Occupying yourself this much has a tendency to wear on you. That’s why I try not to do it. Seriously – most weeks are not this crazy. Most weeks, I don’t get that “my head is going to explode” feeling. But this week, there were just a few extra straws on this camel’s back.
Now it goes without saying that two things go out the window on weeks like this – sleep and proper nourishment. By some combination of good planning and sheer dumb luck, I’ve managed to get a decent amount of sleep this week. But food? That’s another matter. Breakfasts have consisted of Quaker Instant Oatmeal cereal, nuked in a mug and inhaled sometime between dressing myself and grabbing my car keys. The week’s evening dining has depleted my once-formidable supply of frozen entrees. Which brings me to the true subject of this post…

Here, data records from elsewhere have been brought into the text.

(* Fix $z\in M$ and $E\in H(M)$ such that the $\mathbb R$-orbit of $z$ meets $H^{-1}(E)$ at $z_E$, and let $\tau(z,E)\in\mathbb R$ with $e^{\tau(z,E)}\cdot z_E=z$. Then \[ b(z,E)=\varphi(z)+u(2E;z),\qquad \partial_E b(z,E)=-2\tau(z,E),\qquad \partial_E^2 b(z,E)=\frac{4}{\partial_\rho^2\varphi(z_E)}. \] Hence $E\mapsto b(z,E)$ is strictly convex with minimum value $0$ attained at $E=H(z)$.
   Context: $M$ is a compact Kähler manifold with positive Hermitian holomorphic line bundle $(L,h)$; a holomorphic Hamiltonian $S^1$-action generated by $H:M\to\mathbb R$ (lifting to $L$, preserving $h$) extends to a holomorphic $\mathbb C^*$-action $z\mapsto e^{\rho+i\theta}\cdot z$, the $\mathbb R$-part $e^\rho\cdot z$ moving along the gradient of $H$. $\partial_\rho f(z)=\frac{d}{d\rho}|_{\rho=0}f(e^\rho\cdot z)$. $\varphi$ is the $S^1$-invariant local Kähler potential $\|e_L\|_h^2=e^{-\varphi}$ of a local $\mathbb C^*$-invariant holomorphic frame, so that $H=\frac12\partial_\rho\varphi$ and $\rho\mapsto\varphi(e^\rho\cdot z)$ is smooth and strictly convex. The leafwise symplectic potential is the Legendre transform $u(I;z)=\sup_{\rho\in\mathbb R}\bigl(I\rho-\varphi(e^\rho\cdot z)\bigr)$. $b(z,E)=2\int_0^{\tau(z,E)}\bigl(H(e^\sigma\cdot z_E)-E\bigr)d\sigma$. *)

(* Abstraction: only the real part of the C^*-action (the gradient flow
   rho |-> e^rho . z) and the S^1-invariant local potential phi enter the
   lemma. *)
From Stdlib Require Import Reals.
From Coquelicot Require Import Coquelicot.
Open Scope R_scope.

Definition Hf {M : Type} (act : R -> M -> M) (phi : M -> R) (x : M) : R :=
  / 2 * Derive (fun r => phi (act r x)) 0.

Definition d2rho {M : Type} (act : R -> M -> M) (phi : M -> R) (x : M) : R :=
  Derive_n (fun r => phi (act r x)) 2 0.

Definition level_reached {M : Type} (act : R -> M -> M) (phi : M -> R)
  (z : M) (E : R) : Prop :=
  exists t : R, Hf act phi (act t z) = E.

Definition uleg {M : Type} (act : R -> M -> M) (phi : M -> R)
  (I : R) (x : M) : Rbar :=
  Lub_Rbar (fun y => exists rho : R, y = I * rho - phi (act rho x)).

Definition bfun {M : Type} (act : R -> M -> M) (phi : M -> R)
  (z : M) (tau : R -> R) (E : R) : R :=
  2 * RInt (fun s => Hf act phi (act s (act (- tau E) z)) - E) 0 (tau E).

(* Along the R-orbit of z put f r := phi (e^r . z): f is smooth and strictly
   convex, and H (e^r . z) = f'(r) / 2, so r_E := - tau E is the critical point
   of r |-> 2 E r - f r.  The integrand of b is the derivative of
   s |-> f (s - tau E) / 2 - E s, hence b E = f 0 + (2 E r_E - f r_E), and the
   supremum defining u (2 E) is attained at r_E.  Moreover E |-> r_E is the
   local inverse of the increasing function f' / 2, so r_E' = 2 / f''(r_E);
   the envelope formula then gives b' = 2 r_E and b'' = 4 / f''(r_E).
   Strict convexity, nonnegativity and b (H z) = 0 all come from the strict
   tangent-line inequality for f. *)

From Stdlib Require Import Reals Lra Ranalysis5 ssreflect.
From Coquelicot Require Import Coquelicot.
Open Scope R_scope.

Section PositiveDerivative.

Variables g g' : R -> R.
Hypothesis g_derive : forall x, is_derive g x (g' x).
Hypothesis g'_pos : forall x, 0 < g' x.

Lemma pos_derive_increasing x y : x < y -> g x < g y.
Proof.
move=> xy.
have [c [mvt _]] := MVT_cor2 g g' x y xy
  (fun c _ => proj1 (is_derive_Reals _ _ _) (g_derive c)).
have := g'_pos c; nra.
Qed.

Lemma pos_derive_continuous x : continuity_pt g x.
Proof.
apply/continuity_pt_filterlim/ex_derive_continuous.
by exists (g' x).
Qed.

Lemma pos_derive_range_open r :
  exists d, 0 < d /\ forall y, Rabs (y - g r) < d -> exists x, g x = y.
Proof.
have lo := pos_derive_increasing (r - 1) r ltac:(lra).
have hi := pos_derive_increasing r (r + 1) ltac:(lra).
exists (Rmin (g (r + 1) - g r) (g r - g (r - 1))); split.
  by apply: Rmin_case; lra.
move=> y /Rabs_def2 hy.
have m1 := Rmin_l (g (r + 1) - g r) (g r - g (r - 1)).
have m2 := Rmin_r (g (r + 1) - g r) (g r - g (r - 1)).
have y_between : Rmin (g (r - 1)) (g (r + 1)) <= y <= Rmax (g (r - 1)) (g (r + 1)).
  by rewrite Rmin_left ?Rmax_right; lra.
have [x [_ gx]] := IVT_gen g (r - 1) (r + 1) y pos_derive_continuous y_between.
by exists x.
Qed.

Variables (h : R -> R) (y d : R).
Hypothesis d_pos : 0 < d.
Hypothesis h_inverse : forall y', Rabs (y' - y) < d -> g (h y') = y'.

Lemma local_inverse_lt y1 y2 :
  Rabs (y1 - y) < d -> Rabs (y2 - y) < d -> y1 < y2 -> h y1 < h y2.
Proof.
move=> h1 h2 lt12.
case: (Rlt_or_le (h y1) (h y2)) => // le21.
have : g (h y2) <= g (h y1).
  by case: le21 => [/pos_derive_increasing|->]; lra.
rewrite !h_inverse //; lra.
Qed.

Lemma local_inverse_le y1 y2 :
  Rabs (y1 - y) < d -> Rabs (y2 - y) < d -> y1 <= y2 -> h y1 <= h y2.
Proof.
move=> h1 h2 [lt12|->]; [left; exact: local_inverse_lt|lra].
Qed.

Let y_lo := y - d / 2.
Let y_hi := y + d / 2.

Let near_y y' : y_lo <= y' <= y_hi -> Rabs (y' - y) < d.
Proof. by move=> hy'; apply: Rabs_def1; rewrite /y_lo /y_hi in hy'; lra. Qed.

Let h_lo_hi : h y_lo < h y < h y_hi.
Proof.
by split; apply: local_inverse_lt; try apply: near_y; rewrite /y_lo /y_hi; lra.
Qed.

Lemma local_inverse_continuous : continuity_pt h y.
Proof.
have g_lo : g (h y_lo) = y_lo by apply/h_inverse/near_y; rewrite /y_lo /y_hi; lra.
have g_hi : g (h y_hi) = y_hi by apply/h_inverse/near_y; rewrite /y_lo /y_hi; lra.
apply: (continuity_pt_recip_interv g h (h y_lo) (h y_hi)) => [||y'|y'||].
- by case: h_lo_hi; lra.
- by move=> *; apply: pos_derive_increasing.
- by rewrite g_lo g_hi => *; apply/h_inverse/near_y.
- rewrite g_lo g_hi => lo hi.
  by split; apply: local_inverse_le; try apply: near_y; rewrite /y_lo /y_hi in lo hi *; lra.
- by move=> *; apply: pos_derive_continuous.
- by rewrite g_lo g_hi /y_lo /y_hi; lra.
Qed.

Lemma local_inverse_derive : is_derive h y (/ g' (h y)).
Proof.
apply/is_derive_Reals.
pose g_derivable a : derivable_pt g a :=
  exist _ (g' a) (proj1 (is_derive_Reals _ _ _) (g_derive a)).
have := derivable_pt_lim_recip_interv g h y_lo y_hi y (fun a _ => g_derivable a)
  local_inverse_continuous ltac:(rewrite /y_lo /y_hi; lra)
  ltac:(rewrite /y_lo /y_hi; lra) ltac:(case: h_lo_hi; lra).
rewrite /= /Rdiv Rmult_1_l; apply.
- by move=> y' hy'; apply/h_inverse/near_y.
- exact: Rgt_not_eq (g'_pos _).
Qed.

End PositiveDerivative.

Section StrictlyConvex.

Variables f f' : R -> R.
Hypothesis f_derive : forall x, is_derive f x (f' x).
Hypothesis f'_increasing : forall x y, x < y -> f' x < f' y.

Lemma tangent_lt x y : x <> y -> f x + f' x * (y - x) < f y.
Proof.
have mvt a b : a < b -> exists c, f b - f a = f' c * (b - a) /\ a < c < b.
  by move=> ab; apply: MVT_cor2 => // c _; apply/is_derive_Reals.
move=> xy; case: (Rlt_or_le x y) => [lt|le].
- have [c [fc [xc _]]] := mvt x y lt.
  have := f'_increasing x c xc; nra.
- have [c [fc [_ cx]]] := mvt y x ltac:(lra).
  have := f'_increasing c x cx; nra.
Qed.

Lemma tangent_le x y : f x + f' x * (y - x) <= f y.
Proof. by case: (Req_dec x y) => [->|xy]; [lra|left; apply: tangent_lt]. Qed.

Lemma legendre_lub r0 :
  is_lub_Rbar (fun v => exists r, v = f' r0 * r - f r) (f' r0 * r0 - f r0).
Proof.
split=> [_ [r ->] /=|b ub]; last by apply: ub; exists r0.
by have := tangent_le r0 r; lra.
Qed.

Lemma legendre_strict_convex r1 r2 r t :
  f' r1 <> f' r2 -> 0 < t < 1 ->
  (t * f' r1 + (1 - t) * f' r2) * r - f r
    < t * (f' r1 * r1 - f r1) + (1 - t) * (f' r2 * r2 - f r2).
Proof.
move=> f'12 t01.
have le1 := tangent_le r1 r; have le2 := tangent_le r2 r.
have [ne1|ne2] : r <> r1 \/ r <> r2.
  by case: (Req_dec r r1) => [->|]; [right => e; apply: f'12; rewrite e|left].
- have := tangent_lt r1 r (not_eq_sym ne1); nra.
- have := tangent_lt r2 r (not_eq_sym ne2); nra.
Qed.

End StrictlyConvex.

Section OrbitPotential.

Context {M : Type} {act : R -> M -> M} {phi : M -> R} {z : M} {tau : R -> R}.
Hypothesis act0 : forall x, act 0 x = x.
Hypothesis actA : forall s t x, act s (act t x) = act (s + t) x.

Let f r := phi (act r z).
Hypothesis f_smooth : forall n r, ex_derive_n f n r.
Hypothesis f_convex : forall r, 0 < Derive_n f 2 r.
Hypothesis tau_level : forall E, level_reached act phi z E ->
  Hf act phi (act (- tau E) z) = E.

Let H_orbit r := Derive f r / 2.

Let f_derive r : is_derive f r (Derive f r).
Proof. exact: Derive_correct (f_smooth 1 r). Qed.

Let f'_derive r : is_derive (Derive f) r (Derive_n f 2 r).
Proof. exact: Derive_correct (f_smooth 2 r). Qed.

Let f'_increasing : forall x y, x < y -> Derive f x < Derive f y.
Proof. exact: pos_derive_increasing f'_derive f_convex. Qed.

Let H_orbit_derive r : is_derive H_orbit r (Derive_n f 2 r / 2).
Proof.
rewrite /Rdiv Rmult_comm.
by apply: is_derive_ext (is_derive_scal _ _ _ _ (f'_derive r)) => s; rewrite /H_orbit Rmult_comm.
Qed.

Let H_orbit_convex r : 0 < Derive_n f 2 r / 2.
Proof. by have := f_convex r; lra. Qed.

Lemma Derive_n_orbit_shift t n x :
  Derive_n (fun r => phi (act r (act t z))) n x = Derive_n f n (x + t).
Proof. by rewrite -Derive_n_comp_trans; apply: Derive_n_ext => r; rewrite actA. Qed.

Lemma Hf_orbit t : Hf act phi (act t z) = H_orbit t.
Proof.
by rewrite /Hf /H_orbit [Derive _ 0](Derive_n_orbit_shift t 1) Rplus_0_l Rmult_comm.
Qed.

Lemma H_orbit_at_level E : level_reached act phi z E -> H_orbit (- tau E) = E.
Proof. by move=> lev; rewrite -Hf_orbit tau_level. Qed.

Let Derive_at_level E : level_reached act phi z E -> Derive f (- tau E) = 2 * E.
Proof. by move=> /H_orbit_at_level; rewrite /H_orbit; lra. Qed.

Let H_orbit_injective x y : H_orbit x = H_orbit y -> x = y.
Proof.
have incr := pos_derive_increasing _ _ H_orbit_derive H_orbit_convex.
by case: (Rtotal_order x y) => [/incr|[//|/incr]]; lra.
Qed.

Lemma level_reached_locally E : level_reached act phi z E ->
  exists d, 0 < d /\ forall E', Rabs (E' - E) < d -> level_reached act phi z E'.
Proof.
move=> /H_orbit_at_level lev.
have [d [d_pos range]] := pos_derive_range_open _ _ H_orbit_derive H_orbit_convex (- tau E).
rewrite lev in range; exists d; split=> // E' /range [t Ht].
by exists t; rewrite Hf_orbit.
Qed.

Lemma tau_derive E : level_reached act phi z E ->
  is_derive tau E (- (2 / Derive_n f 2 (- tau E))).
Proof.
move=> lev; have [d [d_pos near]] := level_reached_locally _ lev.
have := local_inverse_derive _ _ H_orbit_derive H_orbit_convex (fun E => - tau E) E d
  d_pos (fun E' hE' => H_orbit_at_level _ (near E' hE')).
have -> : - (2 / Derive_n f 2 (- tau E)) = opp (/ (Derive_n f 2 (- tau E) / 2)).
  by have := f_convex (- tau E); rewrite /opp /= => pos; field; lra.
move=> der; apply: is_derive_ext (is_derive_opp _ _ _ der) => s.
exact: Ropp_involutive.
Qed.

Lemma bfun_closed_form E :
  bfun act phi z tau E = f 0 + (2 * E * - tau E - f (- tau E)).
Proof.
set T := tau E.
pose F s := f (s + - T) / 2 - E * s.
have F_primitive : is_RInt (fun s => H_orbit (s + - T) - E) 0 T (minus (F T) (F 0)).
  apply: is_RInt_derive => x _.
  - rewrite /F; auto_derive; first exact (f_smooth 1 _).
    by rewrite Rmult_1_l Rmult_1_r.
  - apply: ex_derive_continuous; auto_derive.
    by eexists; exact: H_orbit_derive.
rewrite /bfun (RInt_ext _ (fun s => H_orbit (s + - T) - E)) => [|s _].
  rewrite (is_RInt_unique _ _ _ _ F_primitive) /minus /plus /opp /F /=.
  by rewrite Rplus_opp_r Rplus_0_l; field.
by rewrite actA Hf_orbit.
Qed.

Lemma bfun_legendre E : level_reached act phi z E ->
  Finite (bfun act phi z tau E) = Rbar_plus (phi z) (uleg act phi (2 * E) z).
Proof.
move=> lev; rewrite bfun_closed_form /uleg -(Derive_at_level _ lev).
rewrite (is_lub_Rbar_unique _ _ (legendre_lub _ _ f_derive f'_increasing (- tau E))).
by rewrite /= /f act0.
Qed.

Lemma bfun_derive E : level_reached act phi z E ->
  is_derive (bfun act phi z tau) E (-2 * tau E).
Proof.
move=> lev; have tau' : ex_derive tau E by eexists; exact: tau_derive.
apply: (is_derive_ext (fun E => f 0 + (2 * E * - tau E - f (- tau E)))) => [E'|].
  by rewrite bfun_closed_form.
auto_derive; first by repeat split => //; exact (f_smooth 1 _).
have -> : Derive (fun x => f x) (- tau E) = 2 * E by exact: Derive_at_level.
ring.
Qed.

Lemma bfun_derive2 E : level_reached act phi z E ->
  is_derive_n (bfun act phi z tau) 2 E (4 / d2rho act phi (act (- tau E) z)).
Proof.
move=> lev; have [d [d_pos near]] := level_reached_locally _ lev.
apply: (is_derive_ext_loc (fun E => -2 * tau E)).
  exists (mkposreal d d_pos) => E' hE'.
  by symmetry; apply: is_derive_unique; apply: bfun_derive; apply: near.
rewrite /d2rho Derive_n_orbit_shift Rplus_0_l.
have -> : 4 / Derive_n f 2 (- tau E) = -2 * - (2 / Derive_n f 2 (- tau E)).
  by have pos := f_convex (- tau E); field; lra.
exact: is_derive_scal (tau_derive _ lev).
Qed.

Lemma bfun_strict_convex E1 E2 t :
  level_reached act phi z E1 -> level_reached act phi z E2 -> E1 <> E2 -> 0 < t < 1 ->
  bfun act phi z tau (t * E1 + (1 - t) * E2)
    < t * bfun act phi z tau E1 + (1 - t) * bfun act phi z tau E2.
Proof.
move=> lev1 lev2 E12 t01; rewrite !bfun_closed_form.
have := legendre_strict_convex _ _ f_derive f'_increasing (- tau E1) (- tau E2)
  (- tau (t * E1 + (1 - t) * E2)) t.
rewrite !Derive_at_level // => /(_ ltac:(lra) t01); lra.
Qed.

Lemma tau_at_H : tau (Hf act phi z) = 0.
Proof.
have lev : level_reached act phi z (Hf act phi z) by exists 0; rewrite act0.
have := H_orbit_at_level _ lev; rewrite -{2}(act0 z) Hf_orbit => /H_orbit_injective.
lra.
Qed.

Lemma bfun_at_H : bfun act phi z tau (Hf act phi z) = 0.
Proof. by rewrite bfun_closed_form tau_at_H Ropp_0; ring. Qed.

Lemma bfun_nonneg E : level_reached act phi z E -> 0 <= bfun act phi z tau E.
Proof.
move=> lev; rewrite bfun_closed_form.
by have := tangent_le _ _ f_derive f'_increasing (- tau E) 0; rewrite Derive_at_level //; lra.
Qed.

End OrbitPotential.

Theorem lemma2p5 (M : Type) (act : R -> M -> M) (phi : M -> R)
  (act0 : forall x, act 0 x = x)
  (actA : forall s t x, act s (act t x) = act (s + t) x)
  (phi_smooth : forall x n r, ex_derive_n (fun r => phi (act r x)) n r)
  (phi_conv : forall x r, 0 < Derive_n (fun r => phi (act r x)) 2 r)
  (z : M) (tau : R -> R)
  (htau : forall E, level_reached act phi z E ->
            Hf act phi (act (- tau E) z) = E) :
  (forall E, level_reached act phi z E ->
     Finite (bfun act phi z tau E) = Rbar_plus (phi z) (uleg act phi (2 * E) z) /\
     is_derive (bfun act phi z tau) E (-2 * tau E) /\
     is_derive_n (bfun act phi z tau) 2 E
       (4 / d2rho act phi (act (- tau E) z))) /\
  (forall E1 E2 t, level_reached act phi z E1 -> level_reached act phi z E2 ->
     E1 <> E2 -> 0 < t < 1 ->
     bfun act phi z tau (t * E1 + (1 - t) * E2)
       < t * bfun act phi z tau E1 + (1 - t) * bfun act phi z tau E2) /\
  bfun act phi z tau (Hf act phi z) = 0 /\
  (forall E, level_reached act phi z E -> 0 <= bfun act phi z tau E).
Proof.
have smooth := phi_smooth z; have convex := phi_conv z.
split; [|split; [|split]].
- move=> E lev; split; [|split].
  + exact: bfun_legendre act0 actA smooth convex htau E lev.
  + exact: bfun_derive actA smooth convex htau E lev.
  + exact: bfun_derive2 actA smooth convex htau E lev.
- exact: bfun_strict_convex actA smooth convex htau.
- exact: bfun_at_H act0 actA smooth convex htau.
- exact: bfun_nonneg actA smooth convex htau.
Qed.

Do not, under any circumstances, ever buy frozen fettucine alfredo. Alfredo sauce is not fast food. It was never meant to be fast food, or to be microwaved from -5°C to piping hot in under 4 minutes. Alfredo sauce was meant to be hand crafted, conjoured up from cream and cheese and fine spices. I’ve done it, and it’s not easy. It’s not supposed to be, damnit.
This is the reason the frozen fettucine alfredo sat in my freezer until last – until there was no alternative. Aye, there’s the rub. For when you leave the frozen fettucine alfredo until last, you suddenly find yourself with no alternative. And unless you want to choke down instant oatmeal for dinner, you’d better plan on nuking up that heinous defamation of Italian cooking.
Note to self: Hey Self, how’s about after you get back from this weekend’s short-notice trip to Virginia, we schedule in a trip to the supermarket to buy some real food?